Wei Dai comments on Towards a mechanistic understanding of corrigibility

Wei Dai 30 Sep 2019 16:23 UTC
LW: 14 AF: 7
AF
I thought Evan’s response was missing my point (that “act-based corrigibility” as used in OP doesn’t seem to be a kind of corrigibility as defined in the original corrigibility paper but just a way to achieve corrigibility) and had a chat with Evan about this on MIRIxDiscord (with Abram joining in). It turns out that by “act-based corrigibility” Evan meant both “a way of achieving something in the corrigibility cluster [by using act-based agents] as well as the particular thing in that cluster that you achieve if you actually get act-based corrigibility to work.”

The three of us talked a bit about finding better terms for these concepts but didn’t come up with any good candidates. My current position is that using “act-based corrigibility” this way is quite confusing and until we come up with better terms we should probably just stick with “achieving corrigibility using act-based agents” and “the kind of corrigibility that act-based agents may be able to achieve” depending on which concept one wants to refer to.
What links here?
- List of resolved confusions about IDA by Wei Dai (30 Sep 2019 20:03 UTC; 97 points)
- Paying the corrigibility tax by Max H (19 Apr 2023 1:57 UTC; 14 points)

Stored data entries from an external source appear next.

Lemma nth_incr l a i : (l < length a)%nat ->
  nth i (incr l a) 0%nat = (nth i a 0 + if (i =? l) then 1 else 0)%nat.
Proof.
  revert l i; induction a as [|x a IH]; intros l i H; simpl in *; [lia|].
  destruct l, i; simpl; try lia; auto. apply IH; lia.
Qed.

Lemma msum_incr l a : (l < length a)%nat -> msum (incr l a) = S (msum a).
Proof.
  revert l; induction a as [|x a IH]; intros l H; simpl in *; [lia|].
  destruct l; simpl; auto. rewrite IH; lia.
Qed.

Lemma incr_mzero n l : (l < n)%nat -> incr l (mzero n) = unitidx n l.
Proof.
  intro H. apply nth_ext with 0%nat 0%nat;
    [rewrite length_incr, length_mzero, length_unitidx; auto|].
  intros i _. destruct (Nat.ltb_spec i n).
  - rewrite nth_incr, nth_mzero, nth_unitidx by (rewrite length_mzero; auto).
    destruct (Nat.ltb_spec i n); [|lia]. destruct (Nat.eqb_spec i l); lia.
  - rewrite !nth_overflow; auto; [rewrite length_unitidx|rewrite length_incr, length_mzero]; lia.
Qed.

Lemma incr_eq_unitidx n l k a : length a = n -> (l < n)%nat -> (k < n)%nat ->
  incr l a = unitidx n k -> a = mzero n /\ l = k.
Proof.
  intros Ha Hl Hk E.
  assert (Hn : forall i, nth i (incr l a) 0%nat = nth i (unitidx n k) 0%nat) by (rewrite E; auto).
  assert (Hlk : l = k).
  { specialize (Hn l). rewrite nth_incr, nth_unitidx in Hn by lia.
    rewrite Nat.eqb_refl in Hn. destruct (Nat.ltb_spec l n); [|lia].
    destruct (Nat.eqb_spec l k); lia. }
  subst k. split; auto.
  apply nth_ext with 0%nat 0%nat; [rewrite length_mzero; auto|]. intros i _. rewrite nth_mzero.
  specialize (Hn i). rewrite nth_incr, nth_unitidx in Hn by lia.
  destruct (Nat.eqb_spec i l), (Nat.ltb_spec i n); lia.
Qed.

Fixpoint mscale (n m : nat) (e : list nat) : list nat :=
  match m with O => mzero n | S m' => madd e (mscale n m' e) end.

Lemma length_mscale n m e : length e = n -> length (mscale n m e) = n.
Proof.
  intro H; induction m; simpl; [apply length_mzero|]. rewrite length_madd, IHm, H; lia.
Qed.

Lemma nth_mscale n m e i : length e = n -> nth i (mscale n m e) 0%nat = (m * nth i e 0)%nat.
Proof.
  intro H; induction m; simpl; [apply nth_mzero|].
  rewrite nth_madd by (rewrite length_mscale; auto). rewrite IHm; lia.
Qed.

Lemma length_fold_madd n (ef : nat -> list nat) L :
  (forall l, In l L -> length (ef l) = n) -> length (fold_right madd (mzero n) (map ef L)) = n.
Proof.
  induction L; intros H; simpl; [apply length_mzero|].
  rewrite length_madd, IHL, H; [lia|left; auto|intros; apply H; right; auto].
Qed.

Lemma nth_fold_madd n (ef : nat -> list nat) L i :
  (forall l, In l L -> length (ef l) = n) ->
  nth i (fold_right madd (mzero n) (map ef L)) 0%nat
  = fold_right plus 0%nat (map (fun l => nth i (ef l) 0%nat) L).
Proof.
  induction L; intros H; simpl; [apply nth_mzero|].
  rewrite nth_madd, IHL; auto.
  - intros; apply H; right; auto.
  - rewrite length_fold_madd, H; auto; [left; auto|intros; apply H; right; auto].
Qed.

- Wei Dai 1 Oct 2019 9:58 UTC
  15 points
  Parent
  
  My current position is that using “act-based corrigibility” this way is quite confusing and until we come up with better terms we should probably just stick with “achieving corrigibility using act-based agents” and “the kind of corrigibility that act-based agents may be able to achieve” depending on which concept one wants to refer to.
  
  Now that I’ve lived with understanding what Evan meant by “act-based corrigibility” for a while, I find that I’m having trouble holding on to my initial feeling of “this is likely to cause confusion to people”, despite consciously trying to, and it’s starting to feel more and more reasonable to use it the way Evan did. It seems like an interesting and revealing case of the illusion of transparency in action.